Para Kahlil Gibran (Cartas de amor do profeta p. 97) “os poetas têm que escutar o ritmo do mar. Quando ouvimos esse ritmo, algo mais surge além dos sons, pois a cada nova onda que quebra na areia com toda a sua força e densas espumas, uma pequena marola volta para o oceano produzindo um barulho secundário. Aí, uma outra onda encontra-se com essa marola, vem uma nova onda e o fluxo e o refluxo continuarão para sempre. E não importa o momento em que sentamos à beira da praia pela primeira vez.Ele afirma que “esta é a música que precisamos aprender – as coisas sempre vão e vem.”
Como um “fazedor de versos”, agradeço todos os dias ao Pai Eterno e aos meus pais por ter nascido nesta Ilha e aprendido, ainda muito cedo, a ouvir o ritmo do mar.
Quanto a local, hora, momentos melhores para escrever, não há preferências. Escrevo a qualquer hora e em qualquer lugar. Basta haver uma motivação.
È importante ressaltar que esse “escrever a qualquer hora e em qualquer lugar, desde que motivado”, não significa que a obra sai pronta e acabada. Essa motivação me impulsiona a efetuar os primeiros registros, os primeiros apontamentos para posterior trabalho mais acurado.
Geralmente guardo esses registros por um bom tempo. Não sou um escritor apressado. Em outro casos não, a coisa em si toma outras feições.
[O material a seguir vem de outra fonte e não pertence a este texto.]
(* Let $C_\infty=(\mathbb{N},+)$ and let $\mathcal{A}$ be an $\mathbb{H}C_\infty$-module. For every integer $r\ge2$, $H^{r+1}(C_\infty,r;\mathcal{A})=0$.
   Context: General setting (for a commutative monoid $M$ with identity $e$, written multiplicatively; for $C_\infty$ read $xy$ as $x+y$, $e$ as $0$): $\mathbb{H}M$ has objects the elements of $M$ and morphisms $(x,y):x\to xy$, composition $(xy,z)(x,y)=(x,yz)$. An $\mathbb{H}M$-module $\mathcal{A}$ is a functor $\mathbb{H}M\to\mathbf{Ab}$: groups $\mathcal{A}(x)$ with $y_*:\mathcal{A}(x)\to\mathcal{A}(xy)$, $y_*z_*=(yz)_*$, $e_*=\mathrm{id}$. Tensor product $(\mathcal{A}\otimes_{\mathbb{H}M}\mathcal{B})(x)=\bigoplus_{zt=x}\mathcal{A}(z)\otimes\mathcal{B}(t)/(u_*a\otimes b=a\otimes u_*b)$; unit the constant module $\mathbb{Z}$; chain complexes of $\mathbb{H}M$-modules form a symmetric monoidal category with Koszul signs. A commutative DGA-algebra over $\mathbb{H}M$ is a commutative monoid $(\mathcal{A},\circ,\iota)$ there with a monoid morphism $\epsilon:\mathcal{A}\to\mathbb{Z}$, $\epsilon_x(a)=\tilde\epsilon(a)x$. Its reduced bar construction $\mathbf{B}(\mathcal{A})$ has $\mathbf{B}(\mathcal{A})_n(x)$ generated by $[\,]$ (degree $0$) and $[a_1|\cdots|a_p]$ with $a_i\in(\mathrm{coker}\,\iota)_{r_i}(x_i)$, $x_1\cdots x_p=x$, $p+\sum r_i=n$; differential $\partial[a_1|\cdots|a_p]=-\sum_i(-1)^{e_{i-1}}[\cdots|\partial a_i|\cdots]+\tilde\epsilon(a_1)x_{1*}[a_2|\cdots]+\sum_{i<p}(-1)^{e_i}[\cdots|a_i\circ a_{i+1}|\cdots]+(-1)^{e_p}\tilde\epsilon(a_p)x_{p*}[\cdots|a_{p-1}]$, $e_i=i+r_1+\cdots+r_i$; multiplication the signed shuffle product $[a_1|\cdots|a_p]\circ[a_{p+1}|\cdots|a_{p+q}]=\sum_\sigma(-1)^{e(\sigma)}[a_{\sigma^{-1}(1)}|\cdots|a_{\sigma^{-1}(p+q)}]$, $e(\sigma)=\sum_{\sigma(i)>\sigma(p+j)}(1+r_i)(1+r_{p+j})$; unit $[\,]$; augmentation $\mathbf{B}(\mathcal{A})_0\cong\mathbb{Z}$. It is again such an algebra, so $\mathbf{B}^r$ is defined. $\mathcal{Z}M$: $\mathcal{Z}M(x)$ free abelian on $\{(u,v):uv=x\}$, $y_*(u,v)=(yu,v)$, $(u,v)\circ(w,t)=(uw,vt)$, unit $(e,e)$, degree $0$, augmentation $(u,v)\mapsto$ generator of $\mathbb{Z}(x)$. $H^n(M,r;\mathcal{A})=H^n(\mathrm{Hom}_{\mathbb{H}M}(\mathbf{B}^r(\mathcal{Z}M),\mathcal{A}))$. *)

From mathcomp Require Import all_boot all_algebra.
Unset Printing Implicit Defensive.
Import GRing.Theory.
Local Open Scope ring_scope.

(** The category H C_oo has objects n : nat and, for each y,
  exactly one morphism (x,y) : x -> x + y.  Hence H C_oo is the poset
  category (N, <=), and an H C_oo-module (functor H C_oo -> Ab) is a family
  of abelian groups [Amod x] with additive maps [mor x y : Amod x -> Amod y]
  for x <= y (so y_* on Amod x is [mor x (x + y)]), functorial.
  ([mor x y] for x > y is irrelevant junk, never used.) *)
Record HCmod := {
  Amod : nat -> zmodType;
  mor : forall x y : nat, Amod x -> Amod y;
  mor_add : forall x y, (x <= y)%N -> forall a b, mor x y (a + b) = mor x y a + mor x y b;
  mor_id : forall x a, mor x x a = a;
  mor_comp : forall x y z, (x <= y)%N -> (y <= z)%N ->
     forall a, mor y z (mor x y a) = mor x z a
}.

(** All algebras we need (Z C_oo and its iterated reduced bar constructions)
  are, in each degree, free H C_oo-modules on explicit basis elements:
  a basis element g of weight [wt g] generates a copy of the representable
  module Z[H C_oo(wt g, -)], i.e. it lives in A(wt g) and its image in A(x)
  (x >= wt g) is (x - wt g)_* g.  A formal linear combination
  [seq (c_k, h_k)] occurring as the value of an operation landing in A(w)
  stands for  sum_k c_k (w - wt h_k)_* h_k .
  Basis elements are encoded as rose trees. *)
Inductive tree : Type := Leaf of nat | Node of seq tree.

Record balg := BAlg {
  bas : tree -> bool;
  isu : tree -> bool;                      (* is the unit basis element iota(1) *)
  deg : tree -> nat;
  wt  : tree -> nat;                       (* weight: g lives in A(wt g) *)
  dif : tree -> seq (int * tree);
  mul : tree -> tree -> seq (int * tree);
  aug : tree -> int
}.

Definition sgn (n : nat) : int := (-1) ^+ n.

(** Z C_oo: Z C_oo(x) is free on pairs (u,v), u + v = x, with y_*(u,v) = (y+u,v);
  so it is free on the basis elements b_v := (0,v) of weight v (= [Leaf v]),
  with (u,v) = u_* b_v;  b_v o b_w = b_(v+w), unit b_0, degree 0,
  augmentation 1, zero differential. *)
Definition ZN : balg := BAlg
  (fun g => if g is Leaf _ then true else false)
  (fun g => if g is Leaf v then v == 0%N else false)
  (fun _ => 0%N)
  (fun g => if g is Leaf v then v else 0%N)
  (fun _ => [::])
  (fun g h => match g, h with
              | Leaf v, Leaf w => [:: (1, Leaf (v + w))]
              | _, _ => [::] end)
  (fun g => if g is Leaf _ then 1 else 0).

(** Signed shuffles: [shuf dg s t] lists the (sign, shuffle) pairs of
  [s ++ t] with sign (-1)^e(sigma), e(sigma) = sum over pairs (a in s, b in t)
  with a placed after b of (1 + dg a)(1 + dg b). *)
Definition wsum (dg : tree -> nat) (s : seq tree) : nat :=
  sumn [seq (dg x).+1 | x <- s].

Fixpoint shuf (dg : tree -> nat) (s t : seq tree) {struct s} : seq (int * seq tree) :=
  match s with
  | [::] => [:: (1, t)]
  | a :: s' =>
    let fix shuf_s (t : seq tree) : seq (int * seq tree) :=
      match t with
      | [::] => [:: (1, s)]
      | b :: t' =>
          [seq (cu.1, a :: cu.2) | cu <- shuf dg s' t] ++
          [seq (sgn ((dg b).+1 * wsum dg s) * cu.1, b :: cu.2) | cu <- shuf_s t']
      end in shuf_s t
  end.

Definition x0 : tree := Leaf 0.

(** Differential of the reduced bar construction on the basis element
   [a_1|...|a_p] (encoded [Node s]), following the paper:
   d[a_1|..|a_p] = - sum_i (-1)^(e_(i-1)) [..|d a_i|..] + eps(a_1) x_1*[a_2|..]
                   + sum_(i<p) (-1)^(e_i) [..|a_i o a_(i+1)|..]
                   + (-1)^(e_p) eps(a_p) x_p*[..|a_(p-1)],
   e_i = i + r_1 + .. + r_i; terms are taken in coker iota, i.e. the
   unit basis element is dropped. *)
Definition bar_e (X : balg) (s : seq tree) (i : nat) : nat :=
  (i + sumn [seq deg X a | a <- take i s])%N.

Definition bar_dif (X : balg) (s : seq tree) : seq (int * tree) :=
  let p := size s in
  let t1 := flatten [seq [seq (- sgn (bar_e X s i) * ch.1, Node (set_nth x0 s i ch.2))
                         | ch <- [seq ch <- dif X (nth x0 s i) | ~~ isu X ch.2]]
                    | i <- iota 0 p] in
  let t2 := if s is a :: s' then [:: (aug X a, Node s')] else [::] in
  let t3 := flatten [seq [seq (sgn (bar_e X s i.+1) * ch.1,
                               Node (take i s ++ ch.2 :: drop i.+2 s))
                         | ch <- [seq ch <- mul X (nth x0 s i) (nth x0 s i.+1)
                                 | ~~ isu X ch.2]]
                    | i <- iota 0 p.-1] in
  let t4 := if s is [::] then [::]
            else [:: (sgn (bar_e X s p) * aug X (nth x0 s p.-1), Node (take p.-1 s))] in
  t1 ++ t2 ++ t3 ++ t4.

(** The reduced bar construction B(X): basis = sequences [a_1|..|a_p] of
  non-unit basis elements of X (tensor products over H C_oo of free
  modules on representables are free on the concatenated basis), degree
  p + sum r_i, weight sum of weights, shuffle product, unit [ ],
  augmentation 1 on [ ] and 0 elsewhere. *)
Definition bar (X : balg) : balg := BAlg
  (fun g => if g is Node s then all (fun a => bas X a && ~~ isu X a) s else false)
  (fun g => if g is Node s then nilp s else false)
  (fun g => if g is Node s then (size s + sumn [seq deg X a | a <- s])%N else 0%N)
  (fun g => if g is Node s then sumn [seq wt X a | a <- s] else 0%N)
  (fun g => if g is Node s then bar_dif X s else [::])
  (fun g h => match g, h with
              | Node s, Node t => [seq (cu.1, Node cu.2) | cu <- shuf (deg X) s t]
              | _, _ => [::] end)
  (fun g => if g is Node [::] then 1 else 0).

Definition barZ (r : nat) : balg := iter r bar ZN.

(** Cochains of Hom_{H C_oo}(X, A): a homomorphism out of the free module on
  the basis is determined by an element f g of A(wt g) for each basis
  element g.  Coboundary: (delta f)(g) = f(d g). *)
Definition cobound (X : balg) (A : HCmod) (f : forall g, Amod A (wt X g)) (g : tree)
  : Amod A (wt X g) :=
  \sum_(ch <- dif X g) mor A (wt X ch.2) (wt X g) (f ch.2) *~ ch.1.

Definition Hn_vanishes (X : balg) (A : HCmod) (n : nat) : Prop :=
  forall f : forall g, Amod A (wt X g),
    (forall g, bas X g -> deg X g = n.+1 -> cobound X A f g = 0) ->
    exists phi : forall g, Amod A (wt X g),
      forall g, bas X g -> deg X g = n -> f g = cobound X A phi g.

(* For r >= 2, the basis elements of B^r(Z C_oo) in degrees r+1 and r+2 are the
   iterated singleton brackets [[..[b_v|b_w]..]] and [[..[b_u|b_v|b_w]..]] with
   u, v, w > 0, and on them the differential is, up to the sign (-1)^(r-1), the
   differential of [b_v|b_w] and [b_u|b_v|b_w] in B(Z C_oo).  Hence an
   (r+1)-cocycle amounts to elements c(v,w) of A(v+w), compatible with the
   structure maps, satisfying the 2-cocycle identity on the positive integers.
   Such a c is the coboundary of P with P(1) = 0 and P(m+1) = P(m) - c(m,1):
   induct on w, using the cocycle identity at (v, w, 1). *)

From mathcomp Require Import all_boot all_algebra ssrAC zify.
Import GRing.Theory.
Local Open Scope ring_scope.

Section HCmodTheory.
Variable A : HCmod.

Lemma mor0 x y : (x <= y)%N -> mor A x y 0 = 0.
Proof.
by move=> le_xy; apply: (addrI (mor A x y 0)); rewrite -mor_add // !addr0.
Qed.

Lemma morN x y a : (x <= y)%N -> mor A x y (- a) = - mor A x y a.
Proof.
by move=> le_xy; apply/eqP; rewrite -subr_eq0 opprK -mor_add // addNr mor0.
Qed.

Lemma morB x y a b : (x <= y)%N -> mor A x y (a - b) = mor A x y a - mor A x y b.
Proof. by move=> le_xy; rewrite mor_add // morN. Qed.

Lemma morMz x y a (z : int) : (x <= y)%N -> mor A x y (a *~ z) = mor A x y a *~ z.
Proof.
move=> le_xy; have morMn n : mor A x y (a *+ n) = mor A x y a *+ n.
  by elim: n => [|n IHn]; rewrite ?mor0 // !mulrS mor_add // IHn.
by case: z => n; rewrite ?NegzE ?mulrNz ?morN // -!pmulrn morMn.
Qed.

Lemma mor_sum x y (I : Type) (r : seq I) (F : I -> Amod A x) : (x <= y)%N ->
  mor A x y (\sum_(i <- r) F i) = \sum_(i <- r) mor A x y (F i).
Proof.
move=> le_xy; elim: r => [|i r IHr]; first by rewrite !big_nil mor0.
by rewrite !big_cons mor_add // IHr.
Qed.

Lemma mor_inj x y : x = y -> injective (mor A x y).
Proof. by move=> <- a b; rewrite !mor_id. Qed.

End HCmodTheory.

(* The p's, a's and b's cancel in pairs. *)
Lemma cocycle_rearrange (V : zmodType) (a b d e g p x : V) :
  (p - e + a) - (p - g + b) + x - (a - b + d) = 0 -> x = e - g + d.
Proof.
move=> h; apply/eqP; rewrite -subr_eq0 -h; apply/eqP.
rewrite !opprD !opprK [RHS](AC ((3*3*1)*3) ((7*((2*5)*10))*(((1*4)*(3*8))*(9*6)))).
by rewrite /= !subrr !addr0.
Qed.

Section PositiveCocycle.
Variables (A : HCmod) (c : nat -> nat -> forall N, Amod A N).
Hypothesis c_mor : forall v w N M, (v + w <= N)%N -> (N <= M)%N ->
  mor A N M (c v w N) = c v w M.
Hypothesis c_cocycle : forall u v w, (0 < u)%N -> (0 < v)%N -> (0 < w)%N ->
  c v w (u + v + w) - c (u + v) w (u + v + w) + c u (v + w) (u + v + w)
  - c u v (u + v + w) = 0.

Fixpoint primitive (n : nat) : Amod A n :=
  match n return Amod A n with
  | 0 => 0
  | m.+1 => if m is 0 then 0 else mor A m m.+1 (primitive m) - c m 1 m.+1
  end.

Definition coboundary_eq v w N :=
  c v w N = mor A w N (primitive w) - mor A (v + w) N (primitive (v + w))
            + mor A v N (primitive v).

Lemma coboundary_eq_mor v w N :
  coboundary_eq v w (v + w) -> (v + w <= N)%N -> coboundary_eq v w N.
Proof.
rewrite /coboundary_eq => cvw le_vwN.
rewrite -(c_mor _ _ _ _ (leqnn _) le_vwN) cvw mor_add // morB // mor_id.
by rewrite !mor_comp // ?leq_addl ?leq_addr.
Qed.

Lemma coboundary_eq1 v : (0 < v)%N -> coboundary_eq v 1 (v + 1).
Proof.
case: v => // v _; rewrite /coboundary_eq addn1 /= mor0 // mor_id.
by rewrite sub0r opprB subrK.
Qed.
A motivação é tão intensa que a vontade de aprofundar e de ver o texto pronto me faz trabalhar incessantemente. Me faz querer burilá-lo, mexer em sua estrutura, concluí-lo.
É por isso que experimento sempre. Que procuro buscar novas roupagens poéticas para meus poemas. “Todas as coisas são belas, e se tornam ainda mais belas quando não temos medo de conhecê-las e experimentá-las. A experiência é a Vida com asas.” (Kahlil Gibran, p. 64)
Hoje não existe um padrão geral definido que caracterize as artes e as letras, como no Romantismo, Realismo ou outros momentos literários. Não há dogmas, regras ou normas a serem seguidas ou respeitadas com rigidez. O verso livre está posto porém, se eu quiser, posso publicar um livro de sonetos. O que existe hoje é justamente a busca do novo, do original. Tudo já foi dito, tudo já foi escrito. É preciso dizer ou escrever de uma maneira nova, original; de uma maneira compatível com a realidade deste mundo e de um homem globalizado e interdisciplinar.









PONTO DO POETA

Acéfalo sigo
Pela minha vida
(per)correndo poemas.
Não são meus
Os versos, as rimas,
As letras, as palavras.
Não é meu o poema.

(Ensaio C, pg. 69, do livro Chrischelle, 1979)

3 comentários:

  1. Pinheiro:
    Não vou comentar teu trabalho, já que acompanhei de perto Iriamar (lembra que participei da capa?). Basta dizer que, seguindo Gullar, "o poema, antes de escrito, não é mais do que um aflito silêncio, ante a página em branco". Exerçamos, então, este sagrado dever da angústia na busca do dizer o indizível. É nosso "pathológico" (de pathos) e demoníaco (de daimon) destino.
    Uma pergunta: Como fazer para inserir (gostaria que desses uma olhada) alguns trabalhos meus?
    Abraços do Luiz de Freitas,

    ResponderExcluir
  2. Luizpi, envie o(s) teu(s) trabalho(s) para poetapinheironeto@gmail.com
    abs

    ResponderExcluir
  3. Que lindo...
    Não comento,aprecio!
    Abraço fraterno,querido Liberato.